-- DATA RECORDS follows --
Lemma sorted_index (T : eqType) (w : seq T) :
  uniq w -> sorted (fun a b => index a w < index b w) w.
Proof.
case: w => [//|x0 w] uw; apply/pairwise_sorted/(pairwiseP x0) => a b ha hb ab.
by rewrite !index_uniq.
Qed.

Lemma sorted_ltn_indexE (T : eqType) (L : rel T) (s : seq T) :
  transitive L -> (forall a b, L a b -> ~~ L b a) -> sorted L s ->
  {in s &, forall a b, L a b = (index a s < index b s)}.
Proof.
move=> trL asymL sL a b ha hb.
case: ltngtP => [lt_ab|lt_ba|/(index_inj a ha hb)->].
- exact: (sorted_ltn_index trL sL).
- exact/negbTE/asymL/(sorted_ltn_index trL sL).
- by apply/negbTE/negP => Laa; have /negP := asymL b b Laa.
Qed.

Lemma index_filter_ltn (T : eqType) (P : pred T) (w : seq T) :
  uniq w -> {in filter P w &, forall a b,
    (index a (filter P w) < index b (filter P w)) = (index a w < index b w)}.
Proof.
move=> uw a b ha hb; symmetry.
have trw : transitive (fun a b => index a w < index b w).
  by move=> ? ? ?; apply: ltn_trans.
apply: (sorted_ltn_indexE trw) ha hb.
- by move=> ? ? lt_ab; rewrite -leqNgt ltnW.
- by apply: sorted_filter trw _ _ (sorted_index uw).
Qed.

Lemma cyc_eq_filter3 n (w : seq 'I_n) (i j k : 'I_n) :
  uniq w -> uniq [:: i; j; k] -> {subset [:: i; j; k] <= w} ->
  cyc_eq (filter (fun v => v \in [:: i; j; k]) w) [:: i; k; j] <->
  cyc3 (fun u v => index u w < index v w) i k j.
Proof.
set t := filter _ w => uw uijk sub.
have memt v : (v \in t) = (v \in [:: i; j; k]).
  by rewrite mem_filter; case: (boolP (v \in _)) => // /sub ->.
have pt : perm_eq t [:: i; j; k] by apply: uniq_perm; rewrite ?filter_uniq.
by rewrite (cyc_eq_perm3 uijk pt) /cyc3 !index_filter_ltn //;
  rewrite memt !inE eqxx ?orbT.
Qed.

Section SeqOrientation.
Variables (n : nat) (G : rel 'I_n).
Hypotheses (Gsym : symmetric G) (Girr : irreflexive G).

Definition seq_orient (s : seq 'I_n) : rel 'I_n :=
  fun a b => G a b && (index a s < index b s).

Lemma torEquiv_seq_orient_rot1 (s : seq 'I_n) :
  uniq s -> (forall v, v \in s) -> torEquiv (seq_orient s) (seq_orient (rot 1 s)).
Proof.
case: s => [_ _|a t /= /andP[a_t _] all_at]; first exact: te_ext.
have mem_t v : v != a -> v \in t by move=> va; have := all_at v; rewrite inE (negbTE va).
have idx_t v : v != a -> index v t < size t by move=> /mem_t; rewrite index_mem.
apply: (@te_flip _ _ _ a) => [b|b c]; first by rewrite /seq_orient /= eqxx ltn0 andbF.
rewrite rot1_cons -cats1 /seq_orient /flip_at /= !index_cat /=.
case: (eqVneq b a) => [->|ba]; case: (eqVneq c a) => [->|ca];
  rewrite ?eqxx ?(negbTE a_t) //=.
- by rewrite Girr.
- by rewrite mem_t // ltn0 andbF addn0 ltnNge ltnW ?idx_t ?andbF.
- by rewrite mem_t // addn0 idx_t // Gsym.
- by rewrite !mem_t // ltnS.
Qed.

Lemma torEquiv_seq_orient_rot (s : seq 'I_n) m :
  uniq s -> (forall v, v \in s) -> torEquiv (seq_orient s) (seq_orient (rot m s)).
Proof.
move=> us all_s; elim: m => [|m IH]; first by rewrite rot0; apply: te_ext.
case: (leqP (size s) m) => hm; first by rewrite !rot_oversize ?(leqW hm) in IH *.
apply: te_trans IH _; rewrite -add1n rotD //.
by apply: torEquiv_seq_orient_rot1 => [|v]; rewrite ?rot_uniq ?mem_rot.
Qed.

End SeqOrientation.

Local Open Scope ring_scope.

Lemma cyc_sorted3E (R : realFieldType) n (x : 'I_n -> R) a b c :
  cyc_sorted x [:: a; b; c] <-> cyc3 (fun u v => x u < x v) a b c.
Proof.
rewrite /cyc3; split; last by case/or3P=> h; [exists 0|exists 1|exists 2]; rewrite /= ?andbT.
by case=> [[|[|[|m]]]] /=; rewrite ?andbT => ->; rewrite ?orbT.
Qed.

Lemma sorted_ltr_indexE (R : realFieldType) (T : eqType) (y : T -> R) (s : seq T) :
  sorted (fun u v => y u < y v) s ->
  {in s &, forall a b, (y a < y b) = (index a s < index b s)%N}.
Proof.
apply: sorted_ltn_indexE => [u v w|u v /ltW]; first exact: lt_trans.
by rewrite leNgt.
Qed.

Section Tiebreak.
Variables (R : realFieldType) (n : nat).

Definition lexr (x : 'I_n -> R) (r : 'I_n -> nat) : rel 'I_n :=
  fun a b => (x a < x b) || ((x a == x b) && (r a <= r b)%N).

Lemma lexr_trans x r : transitive (lexr x r).
Proof.
move=> b a c /orP[h1|/andP[/eqP e1 h1]] /orP[h2|/andP[/eqP e2 h2]]; apply/orP.
- by left; apply: lt_trans h2.
- by left; rewrite -e2.
- by left; rewrite e1.
- by right; rewrite e1 e2 eqxx (leq_trans h1 h2).
Qed.

Lemma lexr_total x r : total (lexr x r).
Proof. by move=> a b; rewrite /lexr; case: ltgtP => //= _; apply: leq_total. Qed.

Definition lexr_sort x r : seq 'I_n := sort (lexr x r) (enum 'I_n).

Lemma mem_lexr_sort x r a : a \in lexr_sort x r.
Proof. by rewrite mem_sort mem_enum. Qed.

Lemma lexr_of_index_lexr_sort x r (w := lexr_sort x r) :
  subrel (fun u v => index u w < index v w)%N (lexr x r).
Proof.
have sw : sorted (lexr x r) w by apply/sort_sorted/lexr_total.
by move=> u v; apply: (sorted_ltn_index (@lexr_trans x r) sw); apply: mem_lexr_sort.
Qed.

Lemma index_lexr_sort_ltn x r (w := lexr_sort x r) a b :
  x a != x b -> (index a w < index b w)%N = (x a < x b).
Proof.
have lexr_ltn := @lexr_of_index_lexr_sort x r.
have index_w_inj := index_inj a (mem_lexr_sort x r a) (mem_lexr_sort x r b).
move=> xab; case: ltngtP => [/lexr_ltn|/lexr_ltn|/index_w_inj eq_ab].
- by rewrite /lexr (negbTE xab) orbF.
- by rewrite /lexr eq_sym (negbTE xab) orbF => /ltW; rewrite leNgt => /negbTE.
- by rewrite eq_ab eqxx in xab.
Qed.

(* A tie among i, j, k is broken in opposite directions by the two ranks, and
   the cyclic order (i, k, j) cannot survive both. *)
Lemma cyc3_lexr_tiebreak x (i j k : 'I_n) :
  uniq [:: i; j; k] ->
  cyc3 (lexr x (index^~ [:: i; j; k])) i k j ->
  cyc3 (lexr x (index^~ [:: k; j; i])) i k j ->
  cyc3 (fun u v => x u < x v) i k j.
Proof.
rewrite /= !inE !negb_or => /andP[/andP[/negbTE ij /negbTE ik] /andP[/negbTE jk _]].
have ji : (j == i) = false by rewrite eq_sym.
have ki : (k == i) = false by rewrite eq_sym.
have kj : (k == j) = false by rewrite eq_sym.
rewrite /cyc3 /lexr /= !eqxx ij ik jk ji ki kj /=.
by case: (ltgtP (x i) (x k)); case: (ltgtP (x k) (x j)); case: (ltgtP (x i) (x j)) => //=; lra.
Qed.

End Tiebreak.

Section TotalExtensions.
Variables (R : realFieldType) (n : nat) (G om : rel 'I_n).

Definition seq_point (w : seq 'I_n) : 'I_n -> R := fun a => (index a w)%:R / n%:R.

Lemma seq_point_ltr w a b :
  (0 < n)%N -> (seq_point w a < seq_point w b) = (index a w < index b w)%N.
Proof. by move=> n_gt0; rewrite ltr_pM2r ?invr_gt0 ?ltr0n // ltr_nat. Qed.

Lemma in01_seq_point w : perm_eq w (enum 'I_n) -> in01 (seq_point w).
Proof.
move=> pw a; split; first by rewrite divr_ge0 ?ler0n.
have n_gt0 : (0 < n)%N by case: n a {pw} => [[]|].
rewrite ltr_pdivrMr ?ltr0n // mul1r ltr_nat.
by have := index_mem a w; rewrite (perm_mem pw) mem_enum (perm_size pw) size_enum_ord.
Qed.

Lemma cyc_sorted_seq_point w : (0 < n)%N -> uniq w -> cyc_sorted (seq_point w) w.
Proof.
move=> n_gt0 uw; exists 0%N; rewrite rot0.
by apply: sub_sorted (sorted_index uw) => a b; rewrite seq_point_ltr.
Qed.

Lemma cyc3_index_total_ext (i j k : 'I_n) w :
  restricts_to R G om [:: i; k; j] -> total_ext R G om w ->
  cyc3 (fun u v => index u w < index v w)%N i k j.
Proof.
move=> [_ P_ikj] [pw w_P].
have n_gt0 : (0 < n)%N by case: n i {pw w_P P_ikj} => [[]|].
have uw : uniq w by rewrite (perm_uniq pw) enum_uniq.
have /cyc_sorted3E := P_ikj _ (w_P _ (in01_seq_point pw) (cyc_sorted_seq_point n_gt0 uw)).
by rewrite /cyc3 !seq_point_ltr.
Qed.

Hypotheses (Gsym : symmetric G) (Girr : irreflexive G).

Lemma total_ext_lexr_sort (x : 'I_n -> R) (r : 'I_n -> nat) :
  in_chamber G om x -> total_ext R G om (lexr_sort x r).
Proof.
move=> [_ [xG x_om]]; set w := lexr_sort x r.
have uw : uniq w by rewrite sort_uniq enum_uniq.
have mem_w := mem_lexr_sort x r.
split=> [|y y01 [m sy]]; first by rewrite perm_sort perm_refl.
have mem_s v : v \in rot m w by rewrite mem_rot.
have y_idx := sorted_ltr_indexE sy.
split=> //; split=> [a b Gab|].
  have ab : a != b by apply: contraTneq Gab => ->; rewrite Girr.
  rewrite neq_lt !y_idx ?mem_s // -neq_ltn.
  by apply: contra ab => /eqP/(index_inj a (mem_s a) (mem_s b))->.
have y_rot : torEquiv (orient_of G y) (seq_orient G (rot m w)).
  by apply: te_ext => a b; rewrite /orient_of /seq_orient y_idx ?mem_s.
have x_w : torEquiv (seq_orient G w) (orient_of G x).
  apply: te_ext => a b; rewrite /orient_of /seq_orient.
  by case Gab: (G a b) => //=; rewrite index_lexr_sort_ltn ?xG.
apply: te_trans y_rot (te_trans (te_sym _) (te_trans x_w x_om)).
exact: torEquiv_seq_orient_rot.
Qed.

Lemma restricts_to_of_cyc3_total_ext (i j k : 'I_n) :
  uniq [:: i; j; k] ->
  (forall w, total_ext R G om w -> cyc3 (fun u v => index u w < index v w)%N i k j) ->
  restricts_to R G om [:: i; k; j].
Proof.
move=> uijk ext_ikj; split.
  move: uijk; rewrite /= !inE !negb_or => /andP[/andP[ij ik] /andP[jk _]].
  by rewrite ij ik eq_sym jk.
move=> x x_P; apply/cyc_sorted3E/cyc3_lexr_tiebreak => //;
  exact: sub_cyc3 (@lexr_of_index_lexr_sort _ _ x _) (ext_ikj _ (total_ext_lexr_sort _ x_P)).
Qed.

End TotalExtensions.

Local Close Scope ring_scope.

Lemma eq_asbool (P Q : Prop) : (P <-> Q) -> asbool P = asbool Q.
Proof.
rewrite /asbool => -[PQ QP].
by case: excluded_middle_informative => p; case: excluded_middle_informative => q //;
  [case: q; apply: PQ | case: p; apply: QP].
Qed.

Theorem mainTheorem5 (R : realFieldType) (n : nat) (G om : rel 'I_n)
  (Gsym : symmetric G) (Girr : irreflexive G)
  (Hom : acyc_orientation G om) (i j : 'I_n)
  (H3 : 2 < #|tor_interval R G om i j|) :
  tor_interval R G om i j =
  [set k | (k == i) || (k == j) ||
     asbool (forall w, total_ext R G om w ->
               cyc_eq (filter (fun v => v \in [:: i; j; k]) w) [:: i; k; j])].
Proof.
have ij : i != j.
  by apply: contraTneq H3 => ->; rewrite /tor_interval eqxx cards1.
have chain_ij : asbool (toric_chain2 R G om i j).
  by move: H3; rewrite /tor_interval (negbTE ij); case: asbool; rewrite ?cards0.
rewrite /tor_interval (negbTE ij) chain_ij; apply/setP => k; rewrite !inE.
case: (eqVneq k i) => [//|ki]; case: (eqVneq k j) => [//|kj]; apply: eq_asbool.
have uijk : uniq [:: i; j; k] by rewrite /= !inE !negb_or ij !(eq_sym _ k) ki kj.
have filterE w : total_ext R G om w ->
    cyc_eq (filter (fun v => v \in [:: i; j; k]) w) [:: i; k; j] <->
    cyc3 (fun u v => index u w < index v w)%N i k j.
  move=> [pw _]; apply: cyc_eq_filter3 uijk _ => [|v _].
    by rewrite (perm_uniq pw) enum_uniq.
  by rewrite (perm_mem pw) mem_enum.
split=> [P_ikj w w_P | ext_ikj].
  by apply/(filterE w w_P); apply: cyc3_index_total_ext P_ikj w_P.
apply: (restricts_to_of_cyc3_total_ext Gsym Girr uijk) => w w_P.
by apply/(filterE w w_P)/ext_ikj.
Qed.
-- DATA RECORDS concluded --
> _WHAT YOU ARE ASKED TO DO_
Search the data above for the string "SeqOrientation" and copy each line that has it.

> _SOLUTION TO THIS EXERCISE_
Section SeqOrientation.
End SeqOrientation.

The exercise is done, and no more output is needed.